• _Work order_: Where in the entries below does "word" appear? Copy every line that has it.

• _Record extracts_:
(* Let $1\le r\le s\le t$ and let $u=ABCd$, $v=A'B'C'd'$ be vertices of $E3C(r,s,t)$ with $A=A'$, $B\ne B'$, $C=C'$ and $d\ne d'$. Then there exist $2r+2$ pairwise internally disjoint $u$–$v$ paths in $E3C(r,s,t)$, each of length at most $s+6$ if $\{d,d'\}=\{0,1\}$ or $\{d,d'\}=\{1,2\}$, and each of length at most $s+8$ if $\{d,d'\}=\{0,2\}$.
   Context: The exchanged 3-ary $n$-cube $E3C(r,s,t)$ ($r,s,t\ge1$, $n=r+s+t+1$): vertices are strings written $x=ABCd$ with $A\in\{0,1,2\}^r$, $B\in\{0,1,2\}^s$, $C\in\{0,1,2\}^t$, $d\in\{0,1,2\}$. Two distinct vertices $x=ABCd$, $y=A'B'C'd'$ are adjacent iff one of: (E0) $A=A',B=B',C=C'$ and $d\ne d'$; (E1) $d=d'=0$, $A=A'$, $B=B'$ and $C,C'$ differ in exactly one position; (E2) $d=d'=1$, $A=A'$, $C=C'$ and $B,B'$ differ in exactly one position; (E3) $d=d'=2$, $B=B'$, $C=C'$ and $A,A'$ differ in exactly one position. Paths are internally disjoint if they share no vertices other than their endpoints; length = number of edges. *)

From mathcomp Require Import all_boot.
Set Implicit Arguments. Unset Strict Implicit. Unset Printing Implicit Defensive.

Definition word (n : nat) := {ffun 'I_n -> 'I_3}.

Definition hdist n (x y : word n) : nat := #|[set i | x i != y i]|.

Definition e3c_vertex (r s t : nat) : finType :=
  (word r * word s * word t * 'I_3)%type.

Definition vA r s t (x : e3c_vertex r s t) : word r := x.1.1.1.
Definition vB r s t (x : e3c_vertex r s t) : word s := x.1.1.2.
Definition vC r s t (x : e3c_vertex r s t) : word t := x.1.2.
Definition vd r s t (x : e3c_vertex r s t) : 'I_3 := x.2.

• _Solved exercise_:
Definition word (n : nat) := {ffun 'I_n -> 'I_3}.
Definition hdist n (x y : word n) : nat := #|[set i | x i != y i]|.
  (word r * word s * word t * 'I_3)%type.
Definition vA r s t (x : e3c_vertex r s t) : word r := x.1.1.1.
Definition vB r s t (x : e3c_vertex r s t) : word s := x.1.1.2.
Definition vC r s t (x : e3c_vertex r s t) : word t := x.1.2.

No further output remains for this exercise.